[The task] Work out how many lines in the data below include "alexT", then reply with that number only.

[Data to examine]
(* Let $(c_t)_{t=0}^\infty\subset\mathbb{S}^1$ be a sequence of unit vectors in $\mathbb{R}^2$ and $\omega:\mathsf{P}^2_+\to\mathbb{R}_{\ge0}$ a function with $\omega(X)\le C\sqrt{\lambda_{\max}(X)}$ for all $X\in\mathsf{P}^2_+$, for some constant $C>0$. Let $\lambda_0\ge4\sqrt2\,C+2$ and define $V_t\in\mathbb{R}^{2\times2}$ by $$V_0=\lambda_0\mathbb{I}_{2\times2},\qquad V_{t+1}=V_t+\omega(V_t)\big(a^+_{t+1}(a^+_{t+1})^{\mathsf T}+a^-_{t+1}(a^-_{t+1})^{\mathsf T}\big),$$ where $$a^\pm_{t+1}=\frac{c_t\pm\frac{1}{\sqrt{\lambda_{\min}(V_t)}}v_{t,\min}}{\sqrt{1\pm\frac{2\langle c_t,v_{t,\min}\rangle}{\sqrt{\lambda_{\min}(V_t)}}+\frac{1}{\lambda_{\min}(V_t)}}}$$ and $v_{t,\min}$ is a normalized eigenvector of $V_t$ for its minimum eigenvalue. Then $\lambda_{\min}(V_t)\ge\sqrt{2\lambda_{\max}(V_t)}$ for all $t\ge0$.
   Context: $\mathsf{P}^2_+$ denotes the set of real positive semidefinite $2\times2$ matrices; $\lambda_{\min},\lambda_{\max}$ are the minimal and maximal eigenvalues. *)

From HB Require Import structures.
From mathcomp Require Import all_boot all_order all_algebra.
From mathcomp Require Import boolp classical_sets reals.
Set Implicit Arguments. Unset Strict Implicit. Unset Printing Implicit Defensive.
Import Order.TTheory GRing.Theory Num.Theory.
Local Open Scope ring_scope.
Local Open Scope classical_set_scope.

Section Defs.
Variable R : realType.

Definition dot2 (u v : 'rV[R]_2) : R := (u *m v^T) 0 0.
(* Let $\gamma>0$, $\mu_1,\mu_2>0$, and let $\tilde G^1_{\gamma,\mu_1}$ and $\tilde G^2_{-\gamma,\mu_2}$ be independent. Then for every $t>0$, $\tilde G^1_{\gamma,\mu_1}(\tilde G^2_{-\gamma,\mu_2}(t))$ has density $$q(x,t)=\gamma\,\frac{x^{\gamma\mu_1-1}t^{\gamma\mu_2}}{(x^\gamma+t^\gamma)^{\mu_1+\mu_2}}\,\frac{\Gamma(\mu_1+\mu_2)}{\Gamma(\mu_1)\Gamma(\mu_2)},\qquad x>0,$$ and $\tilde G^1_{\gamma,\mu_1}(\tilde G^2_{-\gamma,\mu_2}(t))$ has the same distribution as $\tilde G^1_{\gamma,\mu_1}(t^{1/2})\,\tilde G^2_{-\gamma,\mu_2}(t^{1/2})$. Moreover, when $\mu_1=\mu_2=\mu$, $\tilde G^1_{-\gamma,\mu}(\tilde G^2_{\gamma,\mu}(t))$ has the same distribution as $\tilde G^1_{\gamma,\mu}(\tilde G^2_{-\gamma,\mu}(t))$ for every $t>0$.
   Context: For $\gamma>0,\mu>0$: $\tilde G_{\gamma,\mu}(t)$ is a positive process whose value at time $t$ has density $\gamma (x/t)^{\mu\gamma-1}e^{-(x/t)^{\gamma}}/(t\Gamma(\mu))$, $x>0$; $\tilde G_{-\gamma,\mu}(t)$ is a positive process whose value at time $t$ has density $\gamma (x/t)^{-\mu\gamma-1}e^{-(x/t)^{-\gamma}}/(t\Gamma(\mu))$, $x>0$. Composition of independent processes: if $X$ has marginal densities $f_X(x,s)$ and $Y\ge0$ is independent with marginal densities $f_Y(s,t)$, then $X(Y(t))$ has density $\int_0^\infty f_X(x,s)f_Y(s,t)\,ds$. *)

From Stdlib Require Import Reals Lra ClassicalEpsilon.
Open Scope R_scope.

--

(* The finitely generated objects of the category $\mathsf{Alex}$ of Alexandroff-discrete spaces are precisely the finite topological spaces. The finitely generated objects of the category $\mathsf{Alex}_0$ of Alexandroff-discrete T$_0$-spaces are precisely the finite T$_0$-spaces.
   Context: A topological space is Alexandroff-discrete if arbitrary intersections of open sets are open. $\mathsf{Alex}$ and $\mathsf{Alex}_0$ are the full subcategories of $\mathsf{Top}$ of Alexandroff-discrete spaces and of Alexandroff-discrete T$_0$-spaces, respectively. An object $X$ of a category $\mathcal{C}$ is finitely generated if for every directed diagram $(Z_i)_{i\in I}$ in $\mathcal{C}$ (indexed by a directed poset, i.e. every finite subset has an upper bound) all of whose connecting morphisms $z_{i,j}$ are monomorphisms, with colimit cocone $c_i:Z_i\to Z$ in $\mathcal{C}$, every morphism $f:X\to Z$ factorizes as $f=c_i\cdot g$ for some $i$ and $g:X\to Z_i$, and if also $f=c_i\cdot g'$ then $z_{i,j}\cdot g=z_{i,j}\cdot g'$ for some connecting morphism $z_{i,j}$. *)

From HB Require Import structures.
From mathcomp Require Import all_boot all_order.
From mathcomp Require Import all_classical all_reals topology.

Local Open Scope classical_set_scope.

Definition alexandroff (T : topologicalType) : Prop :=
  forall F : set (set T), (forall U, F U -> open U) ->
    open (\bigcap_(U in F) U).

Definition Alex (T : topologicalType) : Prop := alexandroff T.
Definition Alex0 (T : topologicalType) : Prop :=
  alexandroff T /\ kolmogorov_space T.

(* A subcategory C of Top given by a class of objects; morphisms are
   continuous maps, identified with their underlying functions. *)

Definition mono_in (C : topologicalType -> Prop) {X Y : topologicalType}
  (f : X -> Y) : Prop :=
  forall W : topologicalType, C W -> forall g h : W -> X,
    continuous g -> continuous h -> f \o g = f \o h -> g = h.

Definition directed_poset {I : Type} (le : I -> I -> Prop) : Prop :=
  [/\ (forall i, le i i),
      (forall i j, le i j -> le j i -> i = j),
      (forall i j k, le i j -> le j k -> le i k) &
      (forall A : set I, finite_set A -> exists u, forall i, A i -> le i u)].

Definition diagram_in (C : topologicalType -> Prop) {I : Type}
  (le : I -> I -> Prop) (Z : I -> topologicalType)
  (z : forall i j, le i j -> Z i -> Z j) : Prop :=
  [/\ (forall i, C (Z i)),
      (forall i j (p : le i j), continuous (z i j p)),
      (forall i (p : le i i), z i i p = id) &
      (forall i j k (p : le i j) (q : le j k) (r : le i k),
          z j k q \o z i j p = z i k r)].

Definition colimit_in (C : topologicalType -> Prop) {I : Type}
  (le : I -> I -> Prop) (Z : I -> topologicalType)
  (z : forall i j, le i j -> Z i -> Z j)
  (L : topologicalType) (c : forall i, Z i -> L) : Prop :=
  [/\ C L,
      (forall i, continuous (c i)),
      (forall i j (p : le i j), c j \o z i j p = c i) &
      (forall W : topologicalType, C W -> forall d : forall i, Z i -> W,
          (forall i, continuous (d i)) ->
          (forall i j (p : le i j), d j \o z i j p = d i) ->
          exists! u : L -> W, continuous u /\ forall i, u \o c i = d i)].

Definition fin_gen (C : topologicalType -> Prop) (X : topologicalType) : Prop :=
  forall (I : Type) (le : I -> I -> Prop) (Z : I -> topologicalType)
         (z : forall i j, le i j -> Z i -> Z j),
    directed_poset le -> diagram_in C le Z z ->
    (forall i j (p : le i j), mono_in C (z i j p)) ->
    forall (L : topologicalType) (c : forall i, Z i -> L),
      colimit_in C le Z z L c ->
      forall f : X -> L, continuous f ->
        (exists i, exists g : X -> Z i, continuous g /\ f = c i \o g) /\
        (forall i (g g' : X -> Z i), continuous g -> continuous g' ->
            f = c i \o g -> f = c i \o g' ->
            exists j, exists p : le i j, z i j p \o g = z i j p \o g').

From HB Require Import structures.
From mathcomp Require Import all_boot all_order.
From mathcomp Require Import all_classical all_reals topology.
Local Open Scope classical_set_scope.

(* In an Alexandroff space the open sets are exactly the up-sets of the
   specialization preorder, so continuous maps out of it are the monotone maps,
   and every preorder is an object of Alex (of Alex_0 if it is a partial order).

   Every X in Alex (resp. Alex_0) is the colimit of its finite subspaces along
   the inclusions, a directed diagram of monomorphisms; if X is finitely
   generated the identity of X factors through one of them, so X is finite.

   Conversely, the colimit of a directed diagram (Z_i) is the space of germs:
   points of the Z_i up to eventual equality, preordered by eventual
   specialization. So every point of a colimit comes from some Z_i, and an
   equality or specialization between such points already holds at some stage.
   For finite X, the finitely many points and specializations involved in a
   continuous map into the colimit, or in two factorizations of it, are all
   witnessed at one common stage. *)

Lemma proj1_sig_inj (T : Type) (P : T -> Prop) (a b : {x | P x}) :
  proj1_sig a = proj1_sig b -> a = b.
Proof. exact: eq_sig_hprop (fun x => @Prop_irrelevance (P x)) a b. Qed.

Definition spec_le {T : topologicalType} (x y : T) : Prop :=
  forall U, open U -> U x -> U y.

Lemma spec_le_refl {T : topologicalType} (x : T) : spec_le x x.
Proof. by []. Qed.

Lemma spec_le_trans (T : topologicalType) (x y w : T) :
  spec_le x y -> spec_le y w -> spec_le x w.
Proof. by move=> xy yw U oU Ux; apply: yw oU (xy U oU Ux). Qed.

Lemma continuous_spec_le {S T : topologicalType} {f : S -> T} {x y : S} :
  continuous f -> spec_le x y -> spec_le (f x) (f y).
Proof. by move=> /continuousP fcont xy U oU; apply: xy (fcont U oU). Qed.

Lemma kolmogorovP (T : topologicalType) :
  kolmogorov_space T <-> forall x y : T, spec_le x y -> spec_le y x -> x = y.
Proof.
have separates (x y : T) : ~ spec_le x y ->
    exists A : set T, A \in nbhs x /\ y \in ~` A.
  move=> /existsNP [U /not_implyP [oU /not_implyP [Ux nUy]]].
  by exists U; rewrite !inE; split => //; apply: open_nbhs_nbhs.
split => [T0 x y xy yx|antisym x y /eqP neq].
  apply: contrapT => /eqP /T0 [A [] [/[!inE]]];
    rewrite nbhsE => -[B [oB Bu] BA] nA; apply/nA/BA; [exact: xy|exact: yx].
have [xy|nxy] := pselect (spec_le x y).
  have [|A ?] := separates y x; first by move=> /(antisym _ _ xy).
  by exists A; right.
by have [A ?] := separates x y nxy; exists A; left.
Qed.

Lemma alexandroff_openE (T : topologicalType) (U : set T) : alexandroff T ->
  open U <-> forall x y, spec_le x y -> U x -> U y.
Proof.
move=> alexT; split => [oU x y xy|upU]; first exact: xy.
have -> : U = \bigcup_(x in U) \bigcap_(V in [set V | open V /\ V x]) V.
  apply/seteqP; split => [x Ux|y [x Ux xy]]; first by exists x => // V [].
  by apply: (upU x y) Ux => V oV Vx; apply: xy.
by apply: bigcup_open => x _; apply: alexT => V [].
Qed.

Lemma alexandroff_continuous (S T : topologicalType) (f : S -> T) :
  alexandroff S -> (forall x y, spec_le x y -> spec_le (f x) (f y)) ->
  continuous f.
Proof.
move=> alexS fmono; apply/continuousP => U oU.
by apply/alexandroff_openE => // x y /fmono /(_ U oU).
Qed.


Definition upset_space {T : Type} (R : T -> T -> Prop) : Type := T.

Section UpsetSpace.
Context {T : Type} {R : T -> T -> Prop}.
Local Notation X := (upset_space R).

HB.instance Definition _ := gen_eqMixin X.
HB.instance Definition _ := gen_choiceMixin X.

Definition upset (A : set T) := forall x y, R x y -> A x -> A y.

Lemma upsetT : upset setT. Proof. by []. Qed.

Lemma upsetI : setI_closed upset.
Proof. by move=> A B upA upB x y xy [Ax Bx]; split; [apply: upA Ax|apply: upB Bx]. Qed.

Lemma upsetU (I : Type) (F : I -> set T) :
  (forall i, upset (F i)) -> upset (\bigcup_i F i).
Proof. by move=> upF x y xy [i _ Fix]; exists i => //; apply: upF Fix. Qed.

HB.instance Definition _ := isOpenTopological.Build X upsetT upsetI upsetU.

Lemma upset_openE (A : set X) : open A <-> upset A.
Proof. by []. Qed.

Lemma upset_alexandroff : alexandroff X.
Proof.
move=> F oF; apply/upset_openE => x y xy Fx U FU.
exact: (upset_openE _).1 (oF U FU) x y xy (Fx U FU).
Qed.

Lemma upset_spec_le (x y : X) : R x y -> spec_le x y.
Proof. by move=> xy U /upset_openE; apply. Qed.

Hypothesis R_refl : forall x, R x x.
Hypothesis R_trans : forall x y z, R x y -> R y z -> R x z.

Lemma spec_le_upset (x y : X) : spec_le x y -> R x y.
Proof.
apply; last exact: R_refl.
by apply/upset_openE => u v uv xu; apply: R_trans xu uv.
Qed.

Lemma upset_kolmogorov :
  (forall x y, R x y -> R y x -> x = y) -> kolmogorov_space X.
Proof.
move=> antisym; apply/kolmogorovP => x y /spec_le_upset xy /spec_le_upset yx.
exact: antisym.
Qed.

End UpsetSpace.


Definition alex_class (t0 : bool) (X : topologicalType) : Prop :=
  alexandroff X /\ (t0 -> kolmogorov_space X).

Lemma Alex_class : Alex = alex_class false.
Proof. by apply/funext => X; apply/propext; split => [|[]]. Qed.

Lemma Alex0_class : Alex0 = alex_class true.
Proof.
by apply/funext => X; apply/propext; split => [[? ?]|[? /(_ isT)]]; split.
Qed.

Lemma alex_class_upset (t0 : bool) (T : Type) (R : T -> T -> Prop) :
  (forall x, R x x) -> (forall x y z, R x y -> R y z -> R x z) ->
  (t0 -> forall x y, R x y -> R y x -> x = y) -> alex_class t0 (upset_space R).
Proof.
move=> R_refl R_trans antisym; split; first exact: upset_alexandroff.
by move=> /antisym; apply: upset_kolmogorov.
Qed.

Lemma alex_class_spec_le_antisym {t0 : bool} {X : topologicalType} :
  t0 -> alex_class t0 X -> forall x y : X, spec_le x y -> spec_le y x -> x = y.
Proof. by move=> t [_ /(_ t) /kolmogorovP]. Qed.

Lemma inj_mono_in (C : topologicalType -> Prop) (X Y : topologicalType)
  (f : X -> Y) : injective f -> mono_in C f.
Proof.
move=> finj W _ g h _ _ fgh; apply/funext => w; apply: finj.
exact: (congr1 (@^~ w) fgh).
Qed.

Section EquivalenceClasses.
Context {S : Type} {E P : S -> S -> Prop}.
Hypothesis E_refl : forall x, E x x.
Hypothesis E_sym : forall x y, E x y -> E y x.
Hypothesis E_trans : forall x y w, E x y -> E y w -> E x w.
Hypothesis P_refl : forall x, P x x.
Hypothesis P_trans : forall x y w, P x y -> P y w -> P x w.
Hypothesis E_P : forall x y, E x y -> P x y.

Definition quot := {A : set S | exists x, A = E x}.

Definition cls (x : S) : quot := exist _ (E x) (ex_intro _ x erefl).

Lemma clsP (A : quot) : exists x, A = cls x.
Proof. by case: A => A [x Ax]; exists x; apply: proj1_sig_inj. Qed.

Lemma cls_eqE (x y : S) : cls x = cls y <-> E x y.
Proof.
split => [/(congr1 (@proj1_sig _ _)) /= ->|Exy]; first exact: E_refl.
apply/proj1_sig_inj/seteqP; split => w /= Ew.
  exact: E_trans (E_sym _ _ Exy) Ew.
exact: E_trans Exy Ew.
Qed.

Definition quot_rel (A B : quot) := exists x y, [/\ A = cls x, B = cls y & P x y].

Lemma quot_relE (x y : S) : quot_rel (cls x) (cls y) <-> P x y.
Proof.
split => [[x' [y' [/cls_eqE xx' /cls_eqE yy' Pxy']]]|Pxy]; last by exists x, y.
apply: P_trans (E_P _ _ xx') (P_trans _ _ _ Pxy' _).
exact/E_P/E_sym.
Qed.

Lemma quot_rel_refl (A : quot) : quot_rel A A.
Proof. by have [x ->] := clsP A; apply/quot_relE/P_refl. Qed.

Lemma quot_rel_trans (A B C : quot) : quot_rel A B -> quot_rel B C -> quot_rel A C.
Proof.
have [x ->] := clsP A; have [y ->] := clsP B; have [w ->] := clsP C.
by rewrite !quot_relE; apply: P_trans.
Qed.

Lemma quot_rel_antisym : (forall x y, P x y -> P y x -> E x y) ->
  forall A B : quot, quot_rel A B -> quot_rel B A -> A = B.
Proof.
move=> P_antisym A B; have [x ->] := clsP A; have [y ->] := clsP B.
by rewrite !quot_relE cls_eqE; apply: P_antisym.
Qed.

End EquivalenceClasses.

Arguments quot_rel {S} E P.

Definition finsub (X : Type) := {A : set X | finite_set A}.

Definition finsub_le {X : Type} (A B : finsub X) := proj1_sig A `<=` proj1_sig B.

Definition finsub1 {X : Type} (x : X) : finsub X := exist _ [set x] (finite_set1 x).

[Answer space] 2